For the entries below, repeat exactly each line starting with the one that contains "move: (D x)" and going on through the one that contains "apply: addye; apply: (big_ind", and no others.

--- --- ---

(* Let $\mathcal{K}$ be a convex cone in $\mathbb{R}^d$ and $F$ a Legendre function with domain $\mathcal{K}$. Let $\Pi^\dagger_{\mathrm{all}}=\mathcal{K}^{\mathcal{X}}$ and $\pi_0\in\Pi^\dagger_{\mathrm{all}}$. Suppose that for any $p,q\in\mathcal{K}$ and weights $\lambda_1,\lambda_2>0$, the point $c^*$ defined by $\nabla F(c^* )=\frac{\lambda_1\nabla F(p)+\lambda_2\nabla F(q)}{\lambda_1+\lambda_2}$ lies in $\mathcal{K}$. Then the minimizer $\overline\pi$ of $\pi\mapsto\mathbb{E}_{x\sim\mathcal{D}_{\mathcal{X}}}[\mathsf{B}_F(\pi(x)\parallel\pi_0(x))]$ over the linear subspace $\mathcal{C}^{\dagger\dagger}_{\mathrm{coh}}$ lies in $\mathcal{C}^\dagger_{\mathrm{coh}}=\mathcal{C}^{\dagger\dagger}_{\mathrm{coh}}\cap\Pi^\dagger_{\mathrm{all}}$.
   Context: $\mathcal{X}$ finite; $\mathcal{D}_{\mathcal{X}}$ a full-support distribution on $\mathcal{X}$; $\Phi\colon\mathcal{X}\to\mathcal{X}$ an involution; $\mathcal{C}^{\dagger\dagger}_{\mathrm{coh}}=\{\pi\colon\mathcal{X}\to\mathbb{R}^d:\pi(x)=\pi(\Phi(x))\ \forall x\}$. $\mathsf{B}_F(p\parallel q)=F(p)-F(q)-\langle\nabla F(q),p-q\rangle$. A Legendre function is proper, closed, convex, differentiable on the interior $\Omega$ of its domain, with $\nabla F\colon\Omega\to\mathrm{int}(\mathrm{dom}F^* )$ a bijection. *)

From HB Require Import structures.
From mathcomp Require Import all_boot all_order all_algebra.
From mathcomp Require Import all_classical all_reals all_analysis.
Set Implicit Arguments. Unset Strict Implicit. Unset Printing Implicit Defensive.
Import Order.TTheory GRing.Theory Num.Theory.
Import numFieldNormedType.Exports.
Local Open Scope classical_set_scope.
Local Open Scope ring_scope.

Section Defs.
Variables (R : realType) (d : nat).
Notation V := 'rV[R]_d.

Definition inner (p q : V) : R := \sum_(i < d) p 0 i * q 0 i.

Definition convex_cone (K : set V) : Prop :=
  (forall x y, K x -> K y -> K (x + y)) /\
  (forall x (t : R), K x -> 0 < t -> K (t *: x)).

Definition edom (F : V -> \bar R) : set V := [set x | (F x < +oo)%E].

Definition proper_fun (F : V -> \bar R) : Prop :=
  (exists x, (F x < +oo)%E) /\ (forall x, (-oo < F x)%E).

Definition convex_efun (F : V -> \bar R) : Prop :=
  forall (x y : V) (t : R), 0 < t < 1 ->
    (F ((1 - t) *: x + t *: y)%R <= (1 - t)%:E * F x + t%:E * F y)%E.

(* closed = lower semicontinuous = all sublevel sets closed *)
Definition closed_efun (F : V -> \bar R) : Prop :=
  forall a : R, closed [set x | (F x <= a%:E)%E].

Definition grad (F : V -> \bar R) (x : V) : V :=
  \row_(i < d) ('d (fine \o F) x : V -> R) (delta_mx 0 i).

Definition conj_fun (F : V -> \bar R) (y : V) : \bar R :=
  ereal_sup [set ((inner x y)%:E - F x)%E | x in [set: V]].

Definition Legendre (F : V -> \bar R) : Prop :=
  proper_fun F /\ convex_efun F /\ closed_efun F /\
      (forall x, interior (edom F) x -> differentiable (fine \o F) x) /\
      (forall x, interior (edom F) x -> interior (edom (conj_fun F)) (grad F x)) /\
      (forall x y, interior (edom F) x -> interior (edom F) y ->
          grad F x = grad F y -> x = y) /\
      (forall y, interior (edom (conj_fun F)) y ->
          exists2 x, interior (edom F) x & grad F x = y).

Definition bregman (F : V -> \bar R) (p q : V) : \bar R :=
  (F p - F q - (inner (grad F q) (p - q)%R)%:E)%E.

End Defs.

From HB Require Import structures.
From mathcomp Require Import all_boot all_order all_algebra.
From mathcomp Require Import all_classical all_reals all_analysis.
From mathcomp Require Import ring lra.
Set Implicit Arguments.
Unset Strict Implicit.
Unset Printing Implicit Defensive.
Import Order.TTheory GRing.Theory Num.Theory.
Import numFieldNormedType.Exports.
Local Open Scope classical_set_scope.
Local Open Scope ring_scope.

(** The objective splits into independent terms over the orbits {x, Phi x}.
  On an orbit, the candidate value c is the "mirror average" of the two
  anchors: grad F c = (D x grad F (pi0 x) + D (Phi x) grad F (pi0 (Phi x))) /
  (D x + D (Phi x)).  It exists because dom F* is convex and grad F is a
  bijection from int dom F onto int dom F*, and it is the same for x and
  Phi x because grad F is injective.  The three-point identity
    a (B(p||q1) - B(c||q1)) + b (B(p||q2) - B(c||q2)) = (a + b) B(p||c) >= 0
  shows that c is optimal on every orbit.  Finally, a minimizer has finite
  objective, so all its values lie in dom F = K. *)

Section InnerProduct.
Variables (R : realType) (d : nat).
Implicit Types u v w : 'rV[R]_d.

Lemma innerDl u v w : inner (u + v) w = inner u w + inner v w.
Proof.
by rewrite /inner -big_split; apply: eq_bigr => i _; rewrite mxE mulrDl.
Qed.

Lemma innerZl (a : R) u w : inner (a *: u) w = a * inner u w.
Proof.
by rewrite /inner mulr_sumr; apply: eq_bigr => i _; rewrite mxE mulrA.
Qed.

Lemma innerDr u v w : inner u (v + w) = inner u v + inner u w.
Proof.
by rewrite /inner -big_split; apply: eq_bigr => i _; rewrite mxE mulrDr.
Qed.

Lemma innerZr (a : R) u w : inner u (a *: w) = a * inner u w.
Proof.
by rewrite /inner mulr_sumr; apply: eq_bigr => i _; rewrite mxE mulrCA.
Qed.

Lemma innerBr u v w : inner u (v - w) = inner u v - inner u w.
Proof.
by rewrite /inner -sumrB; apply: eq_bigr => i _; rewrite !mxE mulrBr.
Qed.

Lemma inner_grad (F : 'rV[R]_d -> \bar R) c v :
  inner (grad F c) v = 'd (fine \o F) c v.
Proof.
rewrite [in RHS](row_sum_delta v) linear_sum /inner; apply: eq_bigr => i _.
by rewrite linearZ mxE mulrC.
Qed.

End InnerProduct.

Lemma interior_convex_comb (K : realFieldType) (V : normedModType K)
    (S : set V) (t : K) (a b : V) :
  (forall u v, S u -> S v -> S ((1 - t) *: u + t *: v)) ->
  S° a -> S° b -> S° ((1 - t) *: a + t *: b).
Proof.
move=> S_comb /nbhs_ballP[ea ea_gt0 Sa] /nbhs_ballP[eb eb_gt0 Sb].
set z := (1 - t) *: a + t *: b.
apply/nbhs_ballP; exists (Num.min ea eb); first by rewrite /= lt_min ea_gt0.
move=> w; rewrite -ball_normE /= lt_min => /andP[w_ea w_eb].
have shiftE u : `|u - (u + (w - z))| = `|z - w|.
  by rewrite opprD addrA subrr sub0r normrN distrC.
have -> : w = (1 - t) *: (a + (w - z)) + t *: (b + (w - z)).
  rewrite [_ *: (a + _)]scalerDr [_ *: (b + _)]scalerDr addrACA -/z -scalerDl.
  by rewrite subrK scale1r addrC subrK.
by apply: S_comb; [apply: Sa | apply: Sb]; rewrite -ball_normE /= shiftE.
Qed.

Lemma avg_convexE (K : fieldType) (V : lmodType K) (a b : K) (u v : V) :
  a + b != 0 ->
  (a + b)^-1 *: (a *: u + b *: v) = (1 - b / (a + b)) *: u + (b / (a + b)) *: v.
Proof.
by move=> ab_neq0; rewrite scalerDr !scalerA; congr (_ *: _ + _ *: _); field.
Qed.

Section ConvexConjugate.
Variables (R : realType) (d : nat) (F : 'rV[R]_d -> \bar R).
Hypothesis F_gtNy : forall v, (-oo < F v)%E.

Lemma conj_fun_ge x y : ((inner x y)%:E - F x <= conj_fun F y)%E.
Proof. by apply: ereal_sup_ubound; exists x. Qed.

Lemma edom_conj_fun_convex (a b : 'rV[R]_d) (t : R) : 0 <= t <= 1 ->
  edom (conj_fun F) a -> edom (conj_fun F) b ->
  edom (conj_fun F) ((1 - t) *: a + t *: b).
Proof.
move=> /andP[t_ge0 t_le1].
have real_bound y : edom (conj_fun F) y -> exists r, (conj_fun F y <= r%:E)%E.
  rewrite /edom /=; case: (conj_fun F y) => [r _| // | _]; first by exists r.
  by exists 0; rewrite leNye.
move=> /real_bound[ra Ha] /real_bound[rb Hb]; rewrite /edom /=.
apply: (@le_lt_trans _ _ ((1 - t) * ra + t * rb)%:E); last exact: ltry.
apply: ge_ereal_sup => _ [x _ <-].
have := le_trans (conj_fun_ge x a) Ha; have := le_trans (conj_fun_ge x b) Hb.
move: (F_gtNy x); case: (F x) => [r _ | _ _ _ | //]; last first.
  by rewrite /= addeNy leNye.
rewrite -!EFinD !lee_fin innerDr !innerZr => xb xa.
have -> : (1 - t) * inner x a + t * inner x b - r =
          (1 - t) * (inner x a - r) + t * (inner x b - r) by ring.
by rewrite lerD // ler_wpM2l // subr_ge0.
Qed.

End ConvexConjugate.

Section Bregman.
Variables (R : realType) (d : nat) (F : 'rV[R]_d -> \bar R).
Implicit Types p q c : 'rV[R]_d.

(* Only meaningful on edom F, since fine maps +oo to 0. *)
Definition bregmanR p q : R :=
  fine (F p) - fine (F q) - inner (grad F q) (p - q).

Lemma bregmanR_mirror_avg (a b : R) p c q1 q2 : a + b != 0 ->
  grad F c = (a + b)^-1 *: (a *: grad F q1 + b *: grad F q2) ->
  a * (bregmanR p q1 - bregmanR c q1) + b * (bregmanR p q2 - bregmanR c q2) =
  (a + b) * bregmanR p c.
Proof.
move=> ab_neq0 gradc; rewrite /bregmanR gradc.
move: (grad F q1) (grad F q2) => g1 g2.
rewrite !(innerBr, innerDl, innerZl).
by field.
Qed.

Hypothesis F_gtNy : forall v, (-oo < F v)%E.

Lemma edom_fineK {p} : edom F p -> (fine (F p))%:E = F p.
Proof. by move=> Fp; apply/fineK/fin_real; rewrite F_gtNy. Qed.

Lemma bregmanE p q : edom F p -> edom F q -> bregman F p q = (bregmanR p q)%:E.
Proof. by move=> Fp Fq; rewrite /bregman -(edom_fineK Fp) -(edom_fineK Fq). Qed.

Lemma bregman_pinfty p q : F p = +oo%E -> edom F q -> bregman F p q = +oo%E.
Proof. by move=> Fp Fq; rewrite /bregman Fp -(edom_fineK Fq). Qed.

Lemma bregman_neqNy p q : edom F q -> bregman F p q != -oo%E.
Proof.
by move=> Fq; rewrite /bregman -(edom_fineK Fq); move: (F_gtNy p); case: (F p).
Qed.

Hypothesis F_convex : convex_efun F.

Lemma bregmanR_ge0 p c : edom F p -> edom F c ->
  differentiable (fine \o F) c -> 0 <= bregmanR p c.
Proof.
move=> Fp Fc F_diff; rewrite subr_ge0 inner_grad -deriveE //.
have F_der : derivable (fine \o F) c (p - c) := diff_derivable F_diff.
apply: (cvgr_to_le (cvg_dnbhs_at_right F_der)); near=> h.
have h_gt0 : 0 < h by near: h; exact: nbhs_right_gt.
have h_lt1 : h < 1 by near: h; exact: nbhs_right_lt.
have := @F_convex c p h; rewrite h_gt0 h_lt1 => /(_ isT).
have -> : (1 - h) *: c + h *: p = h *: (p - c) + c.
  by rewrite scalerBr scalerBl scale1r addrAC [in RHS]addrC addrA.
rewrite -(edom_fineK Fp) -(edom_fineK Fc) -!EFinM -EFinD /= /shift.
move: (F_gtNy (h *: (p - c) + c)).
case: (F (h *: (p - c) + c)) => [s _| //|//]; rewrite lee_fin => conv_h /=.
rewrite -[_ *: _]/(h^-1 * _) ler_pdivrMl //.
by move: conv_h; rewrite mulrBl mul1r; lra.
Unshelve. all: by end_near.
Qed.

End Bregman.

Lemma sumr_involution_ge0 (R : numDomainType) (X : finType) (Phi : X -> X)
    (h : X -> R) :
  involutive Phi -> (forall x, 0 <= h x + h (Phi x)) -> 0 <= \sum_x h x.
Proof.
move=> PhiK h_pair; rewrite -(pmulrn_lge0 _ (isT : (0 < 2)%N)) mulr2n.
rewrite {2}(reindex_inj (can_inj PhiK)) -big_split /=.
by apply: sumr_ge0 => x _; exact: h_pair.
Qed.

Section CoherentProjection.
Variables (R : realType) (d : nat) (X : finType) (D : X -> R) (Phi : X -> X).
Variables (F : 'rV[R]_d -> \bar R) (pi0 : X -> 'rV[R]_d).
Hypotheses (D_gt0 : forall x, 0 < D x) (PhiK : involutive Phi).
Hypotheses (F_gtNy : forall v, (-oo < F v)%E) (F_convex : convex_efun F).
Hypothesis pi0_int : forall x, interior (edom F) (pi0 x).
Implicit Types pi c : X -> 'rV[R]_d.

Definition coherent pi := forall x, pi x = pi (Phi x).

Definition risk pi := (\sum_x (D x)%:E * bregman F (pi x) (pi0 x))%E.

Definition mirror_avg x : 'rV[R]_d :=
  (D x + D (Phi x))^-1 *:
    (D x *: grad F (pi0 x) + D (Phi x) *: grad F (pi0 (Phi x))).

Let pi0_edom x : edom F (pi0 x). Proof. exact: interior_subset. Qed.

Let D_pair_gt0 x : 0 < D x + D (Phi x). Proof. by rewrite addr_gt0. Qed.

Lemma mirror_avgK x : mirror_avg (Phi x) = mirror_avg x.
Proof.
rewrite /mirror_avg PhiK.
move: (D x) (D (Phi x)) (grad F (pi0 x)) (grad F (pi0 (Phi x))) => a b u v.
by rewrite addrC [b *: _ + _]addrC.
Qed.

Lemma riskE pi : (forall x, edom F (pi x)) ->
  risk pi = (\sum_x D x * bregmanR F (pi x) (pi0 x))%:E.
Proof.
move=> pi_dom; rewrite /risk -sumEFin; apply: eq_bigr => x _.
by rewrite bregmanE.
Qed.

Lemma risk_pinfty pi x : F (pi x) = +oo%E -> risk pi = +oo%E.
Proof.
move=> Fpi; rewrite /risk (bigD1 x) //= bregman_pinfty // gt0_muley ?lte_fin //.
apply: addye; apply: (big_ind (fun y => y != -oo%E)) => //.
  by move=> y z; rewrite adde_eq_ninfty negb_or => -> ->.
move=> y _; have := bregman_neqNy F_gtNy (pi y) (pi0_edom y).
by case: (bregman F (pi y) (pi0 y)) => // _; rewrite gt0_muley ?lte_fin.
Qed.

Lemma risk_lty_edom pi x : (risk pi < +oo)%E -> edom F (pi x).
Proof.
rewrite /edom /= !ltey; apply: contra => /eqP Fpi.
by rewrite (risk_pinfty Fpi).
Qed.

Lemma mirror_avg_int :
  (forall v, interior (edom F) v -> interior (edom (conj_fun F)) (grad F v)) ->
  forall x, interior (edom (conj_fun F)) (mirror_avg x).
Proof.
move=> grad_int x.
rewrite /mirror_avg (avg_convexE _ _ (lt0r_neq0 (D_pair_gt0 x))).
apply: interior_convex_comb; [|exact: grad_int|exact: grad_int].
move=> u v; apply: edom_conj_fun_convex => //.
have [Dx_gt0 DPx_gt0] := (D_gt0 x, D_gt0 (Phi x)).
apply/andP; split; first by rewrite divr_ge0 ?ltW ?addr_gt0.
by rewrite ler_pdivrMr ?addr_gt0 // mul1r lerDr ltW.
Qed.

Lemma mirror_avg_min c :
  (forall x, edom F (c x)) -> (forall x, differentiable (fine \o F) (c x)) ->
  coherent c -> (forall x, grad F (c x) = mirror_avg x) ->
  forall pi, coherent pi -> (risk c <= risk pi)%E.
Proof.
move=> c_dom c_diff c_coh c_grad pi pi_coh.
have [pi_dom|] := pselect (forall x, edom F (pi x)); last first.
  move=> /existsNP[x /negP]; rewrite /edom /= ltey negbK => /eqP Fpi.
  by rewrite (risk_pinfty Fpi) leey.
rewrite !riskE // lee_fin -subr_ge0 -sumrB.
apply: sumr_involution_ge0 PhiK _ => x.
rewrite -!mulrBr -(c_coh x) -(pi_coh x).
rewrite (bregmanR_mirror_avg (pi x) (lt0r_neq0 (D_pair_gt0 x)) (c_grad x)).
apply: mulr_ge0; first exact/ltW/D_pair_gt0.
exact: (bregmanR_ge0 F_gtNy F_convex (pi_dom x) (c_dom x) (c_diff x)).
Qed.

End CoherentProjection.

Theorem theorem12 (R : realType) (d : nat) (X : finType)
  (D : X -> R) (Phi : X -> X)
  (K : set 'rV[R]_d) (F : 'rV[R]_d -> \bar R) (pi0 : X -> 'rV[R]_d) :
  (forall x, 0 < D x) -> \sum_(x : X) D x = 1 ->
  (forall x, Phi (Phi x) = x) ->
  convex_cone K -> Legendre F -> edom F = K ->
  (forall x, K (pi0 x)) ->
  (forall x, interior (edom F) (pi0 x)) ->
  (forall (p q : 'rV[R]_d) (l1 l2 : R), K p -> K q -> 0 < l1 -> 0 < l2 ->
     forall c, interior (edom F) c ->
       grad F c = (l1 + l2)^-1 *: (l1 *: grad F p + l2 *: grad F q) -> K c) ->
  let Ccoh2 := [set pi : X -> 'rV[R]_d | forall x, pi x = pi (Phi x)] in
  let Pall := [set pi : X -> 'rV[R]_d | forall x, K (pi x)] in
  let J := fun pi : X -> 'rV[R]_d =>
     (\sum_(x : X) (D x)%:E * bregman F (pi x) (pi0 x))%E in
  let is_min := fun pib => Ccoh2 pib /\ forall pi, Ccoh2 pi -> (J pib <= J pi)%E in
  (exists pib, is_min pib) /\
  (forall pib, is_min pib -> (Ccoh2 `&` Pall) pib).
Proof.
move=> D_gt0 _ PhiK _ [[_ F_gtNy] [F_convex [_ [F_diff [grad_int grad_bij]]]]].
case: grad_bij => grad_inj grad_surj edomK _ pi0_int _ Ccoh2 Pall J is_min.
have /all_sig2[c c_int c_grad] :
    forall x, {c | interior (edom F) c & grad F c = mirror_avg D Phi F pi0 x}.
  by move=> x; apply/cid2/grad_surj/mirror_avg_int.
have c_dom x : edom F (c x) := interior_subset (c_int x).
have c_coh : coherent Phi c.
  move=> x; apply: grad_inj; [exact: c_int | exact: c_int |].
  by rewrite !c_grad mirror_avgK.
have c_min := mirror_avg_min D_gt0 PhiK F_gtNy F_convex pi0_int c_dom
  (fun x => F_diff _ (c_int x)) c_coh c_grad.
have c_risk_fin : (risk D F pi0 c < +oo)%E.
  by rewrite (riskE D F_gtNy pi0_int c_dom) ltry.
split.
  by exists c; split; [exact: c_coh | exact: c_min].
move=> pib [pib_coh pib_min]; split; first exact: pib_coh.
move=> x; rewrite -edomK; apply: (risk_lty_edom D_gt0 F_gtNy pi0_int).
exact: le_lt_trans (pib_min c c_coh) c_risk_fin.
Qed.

--- --- ---

● TASK OUTPUT
move: (D x) (D (Phi x)) (grad F (pi0 x)) (grad F (pi0 (Phi x))) => a b u v.
by rewrite addrC [b *: _ + _]addrC.
Qed.

Lemma riskE pi : (forall x, edom F (pi x)) ->
  risk pi = (\sum_x D x * bregmanR F (pi x) (pi0 x))%:E.
Proof.
move=> pi_dom; rewrite /risk -sumEFin; apply: eq_bigr => x _.
by rewrite bregmanE.
Qed.

Lemma risk_pinfty pi x : F (pi x) = +oo%E -> risk pi = +oo%E.
Proof.
move=> Fpi; rewrite /risk (bigD1 x) //= bregman_pinfty // gt0_muley ?lte_fin //.
apply: addye; apply: (big_ind (fun y => y != -oo%E)) => //.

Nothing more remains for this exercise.